WHAT IS REQUIRED: Please return the lines of the data that contain "else".

[Collected data entries]
▼

Lemma cont_at_max f g x :
  cont_at f x -> cont_at g x -> cont_at (fun y => Rmax (f y) (g y)) x.
Proof.
  intros Hf Hg eps He. destruct (Hf eps He) as [U [HU Hu]].
  destruct (Hg eps He) as [V [HV Hv]].
  exists (fun a b => U a b /\ V a b); split; [apply Q_inter; auto|].
  intros y [Uy Vy]. specialize (Hu y Uy); specialize (Hv y Vy).
  apply Rabs_def2 in Hu; apply Rabs_def2 in Hv.
  apply Rabs_def1; unfold Rmax; repeat destruct Rle_dec; lra.
Qed.

Lemma cont_at_min c f x : cont_at f x -> cont_at (fun y => Rmin c (f y)) x.
Proof.
  intros Hf eps He. destruct (Hf eps He) as [U [HU Hu]].
  exists U; split; [exact HU|]. intros y Uy. specialize (Hu y Uy).
  apply Rabs_def2 in Hu. apply Rabs_def1; unfold Rmin; repeat destruct Rle_dec; lra.
Qed.

Lemma cont_at_div f c x : 0 < c -> cont_at f x -> cont_at (fun y => f y / c) x.
Proof.
  intros Hc Hf eps He. destruct (Hf (eps * c)) as [U [HU Hu]]; [nra|].
  exists U; split; [exact HU|]. intros y Uy. specialize (Hu y Uy).
  replace (f y / c - f x / c) with ((f y - f x) / c) by (field; lra).
  unfold Rdiv; rewrite Rabs_mult, Rabs_inv, (Rabs_right c) by lra.
  apply Rmult_lt_reg_r with c; [exact Hc|]. rewrite Rmult_assoc, Rinv_l by lra. lra.
Qed.

Lemma generates_uniform D d e : generates Q D -> D d -> 0 < e -> Q (strict_ent d e).
Proof.
  intros Hg Hd He. apply (proj2 (Hg _)). exists ((d, e) :: nil). split.
  - constructor; auto.
  - intros x y H; inversion H; subst; auto.
Qed.

Lemma Q_Forall_lt (D : (X -> X -> R) -> Prop) l c :
  (forall d e, D d -> 0 < e -> Q (strict_ent d e)) -> 0 < c ->
  Forall (fun p => D (fst p) /\ 0 < snd p) l ->
  Q (fun x y => Forall (fun p => fst p x y < snd p * c) l).
Proof.
  intros HD Hc; induction 1 as [|p l [Dp Hp] _ IH].
  - apply Q_superset with (fun _ _ => True); [exact Q_full|]. intros; constructor.
  - apply Q_superset with
      (fun x y => strict_ent (fst p) (snd p * c) x y /\
                  Forall (fun p => fst p x y < snd p * c) l).
    + apply Q_inter; [apply HD; [exact Dp|nra]|exact IH].
    + intros x y [H1 H2]; constructor; auto.
Qed.

End QuasiUniformity.

Lemma exists_half_chain X (Q : entourage X -> Prop) B V0 :
  quasi_uniformity Q -> is_base Q B -> B V0 ->
  exists V : nat -> entourage X, V 0%nat = V0 /\ (forall n, B (V n)) /\
    forall n, subrel (comp (V (S n)) (V (S n))) (V n).
Proof.
  intros HQ HB HV0.
  destruct (choice (fun (U U' : {U | B U}) =>
                      subrel (comp (proj1_sig U') (proj1_sig U')) (proj1_sig U)))
    as [next Hnext].
  { intros [U HU]. destruct (base_half X Q HQ B U HB (proj1 HB U HU)) as [V [HV Hs]].
    exists (exist _ V HV); exact Hs. }
  exists (fun n => proj1_sig (Nat.iter n next (exist _ V0 HV0))).
  split; [reflexivity|split].
  - intros n; exact (proj2_sig (Nat.iter n next (exist _ V0 HV0))).
  - intros n; exact (Hnext (Nat.iter n next (exist _ V0 HV0))).
Qed.

Section DyadicChain.
Variables (X : Type) (Q : entourage X -> Prop).
Hypothesis HQ : quasi_uniformity Q.
Variable V : nat -> entourage X.
Hypothesis V_in_Q : forall n, Q (V n).
Hypothesis V_half : forall n, subrel (comp (V (S n)) (V (S n))) (V n).

(* [W K j] is the entourage attached to the dyadic [j / 2^K]; beyond [1] it is
   the full relation. *)
Fixpoint W (K j : nat) : entourage X :=
  match K with
  | O => match j with O => diagonal | 1%nat => V O | _ => fun _ _ => True end
  | S K' => if Nat.even j then W K' (Nat.div2 j) else comp (W K' (Nat.div2 j)) (V (S K'))
  end.

Lemma W_succ K j :
  W (S K) j = if Nat.even j then W K (Nat.div2 j) else comp (W K (Nat.div2 j)) (V (S K)).
Proof. reflexivity. Qed.

Lemma W_double K j : W (S K) (2 * j) = W K j.
Proof. rewrite W_succ, Nat.even_even, Nat.div2_double. reflexivity. Qed.

Lemma W_double_succ K j : W (S K) (S (2 * j)) = comp (W K j) (V (S K)).
Proof.
  rewrite W_succ. replace (S (2 * j)) with (2 * j + 1)%nat by lia.
  rewrite Nat.even_odd. replace (2 * j + 1)%nat with (S (2 * j)) by lia.
  rewrite Nat.div2_succ_double. reflexivity.
Qed.

Lemma W_zero K : W K 0 = diagonal.
Proof. induction K; auto. Qed.

Lemma W_one K : subrel (V K) (W K 1).
Proof.
  destruct K as [|K]; [intros x y h; exact h|].
  change 1%nat with (S (2 * 0)). rewrite W_double_succ, W_zero, comp_diagonal_l.
  intros x y h; exact h.
Qed.

Lemma W_step K j : subrel (comp (W K j) (V K)) (W K (S j)).
Proof.
  revert j; induction K as [|K IH]; intros j.
  - destruct j as [|[|j]]; simpl; intros x z; [intros [y [<- Hz]]; exact Hz|auto|auto].
  - destruct (Nat.Even_or_Odd j) as [[i ->]|[i ->]].
    + rewrite W_double, W_double_succ. intros x z H; exact H.
    + replace (2 * i + 1)%nat with (S (2 * i)) by lia.
      replace (S (S (2 * i))) with (2 * S i)%nat by lia.
      rewrite W_double_succ, W_double.
      intros x z H. apply IH. apply comp_assoc_subrel in H. revert H.
      apply comp_subrel; [intros ? ? h; exact h|apply V_half].
Qed.

Lemma W_mono K j j' : (j <= j')%nat -> subrel (W K j) (W K j').
Proof.
  induction 1 as [|j' _ IH]; intros x y h; [exact h|].
  apply W_step. exists y; split; [apply IH, h|apply (Q_refl X Q HQ), V_in_Q].
Qed.

Lemma W_rescale K n j : W (K + n) (j * 2 ^ n) = W K j.
Proof.
  induction n as [|n IH]; [rewrite Nat.add_0_r, Nat.mul_1_r; reflexivity|].
  rewrite Nat.add_succ_r, Nat.pow_succ_r', <- IH.
  replace (j * (2 * 2 ^ n))%nat with (2 * (j * 2 ^ n))%nat by lia.
  apply W_double.
Qed.

Lemma W_dyadic_mono K j K' j' : dyadic K' j' <= dyadic K j -> subrel (W K' j') (W K j).
Proof.
  intros H. apply dyadic_le_iff in H.
  rewrite <- (W_rescale K' K j'), <- (W_rescale K K' j), Nat.add_comm.
  apply W_mono, H.
Qed.

Lemma W_sub_V0 K j : dyadic K j <= 1 -> subrel (W K j) (V 0%nat).
Proof. intros H. apply (W_dyadic_mono 0 1). unfold dyadic at 2; simpl; lra. Qed.

Definition rho_level (x y : X) (r : R) : Prop :=
  r = 1 \/ exists K j, r = dyadic K j /\ closure Q (ball x (W K j)) y.

Lemma rho_level_ge0 x y r : rho_level x y r -> 0 <= r.
Proof. intros [->|[K [j [-> _]]]]; [lra|apply dyadic_ge0]. Qed.

Definition rho (x y : X) : R :=
  proj1_sig (is_inf_exists (rho_level x y) (ex_intro _ 1 (or_introl eq_refl))
                           (ex_intro _ 0 (rho_level_ge0 x y))).

Lemma rho_is_inf x y : is_inf (rho_level x y) (rho x y).
Proof. exact (proj2_sig (is_inf_exists _ _ _)). Qed.

Lemma rho_le x y r : rho_level x y r -> rho x y <= r.
Proof. apply (proj1 (rho_is_inf x y)). Qed.

Lemma rho_ge0 x y : 0 <= rho x y.
Proof. apply (proj2 (rho_is_inf x y)), rho_level_ge0. Qed.

Lemma rho_le1 x y : rho x y <= 1.
Proof. apply rho_le; left; reflexivity. Qed.

Lemma rho_lt x y t : rho x y < t -> exists r, rho_level x y r /\ r < t.
Proof. apply is_inf_lt, rho_is_inf. Qed.

Lemma rho_refl x : rho x x = 0.
Proof.
  apply Rle_antisym; [|apply rho_ge0]. apply rho_le. right. exists 0%nat, 0%nat.
  split; [unfold dyadic; simpl; lra|]. apply closure_incl. reflexivity.
Qed.

Lemma rho_lt1_closure x y : rho x y < 1 -> closure Q (ball x (V 0%nat)) y.
Proof.
  intros H. destruct (rho_lt _ _ _ H) as [r [[->|[K [j [-> Hc]]]] Hr]]; [lra|].
  revert Hc; apply closure_mono. intros z; apply W_sub_V0. lra.
Qed.

Lemma rho_uniform : uniform_premetric Q rho.
Proof.
  intros e He. destruct (exists_dyadic_lt 1 e 0 He) as [K [_ HK]].
  apply (Q_superset X Q HQ (V K)); [apply V_in_Q|]. intros x y H. unfold strict_ent.
  enough (rho x y <= dyadic K 1) by lra.
  apply rho_le. right. exists K, 1%nat. split; [reflexivity|]. apply closure_incl, W_one, H.
Qed.

Lemma rho_lower_semicontinuous x y t :
  t < rho x y -> exists U, Q U /\ forall z, U y z -> t < rho x z.
Proof.
  intros Ht. destruct (Rlt_or_le t 0) as [Hn|Hp].
  { exists (fun _ _ => True); split; [exact (Q_full X Q HQ)|].
    intros; pose proof (rho_ge0 x z); lra. }
  destruct (exists_dyadic_between t (rho x y)) as [K [j [H1 H2]]]; [lra|].
  assert (Hnc : ~ closure Q (ball x (W K j)) y).
  { intros C. enough (rho x y <= dyadic K j) by lra. apply rho_le; right; eauto. }
  destruct (not_closure_nbhd X Q _ _ Hnc) as [U [HU Hu]].
  exists U; split; [exact HU|]. intros z Uz.
  apply Rlt_le_trans with (dyadic K j); [exact H1|].
  apply (proj2 (rho_is_inf x z)). intros r [->|[K' [j' [-> Hc]]]].
  - pose proof (rho_le1 x y); lra.
  - apply Rnot_lt_le; intros Hl. apply (Hu z Uz). revert Hc; apply closure_mono.
    intros w; apply W_dyadic_mono. lra.
Qed.

Section PointRotund.
Variable B : entourage X -> Prop.
Hypothesis V_in_B : forall n, B (V n).
Hypothesis B_mult : multiplicative B.
Hypothesis B_point_rotund : point_rotund_base Q B.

▲

ANSWER SPACE:
  | S K' => if Nat.even j then W K' (Nat.div2 j) else comp (W K' (Nat.div2 j)) (V (S K'))
  W (S K) j = if Nat.even j then W K (Nat.div2 j) else comp (W K (Nat.div2 j)) (V (S K)).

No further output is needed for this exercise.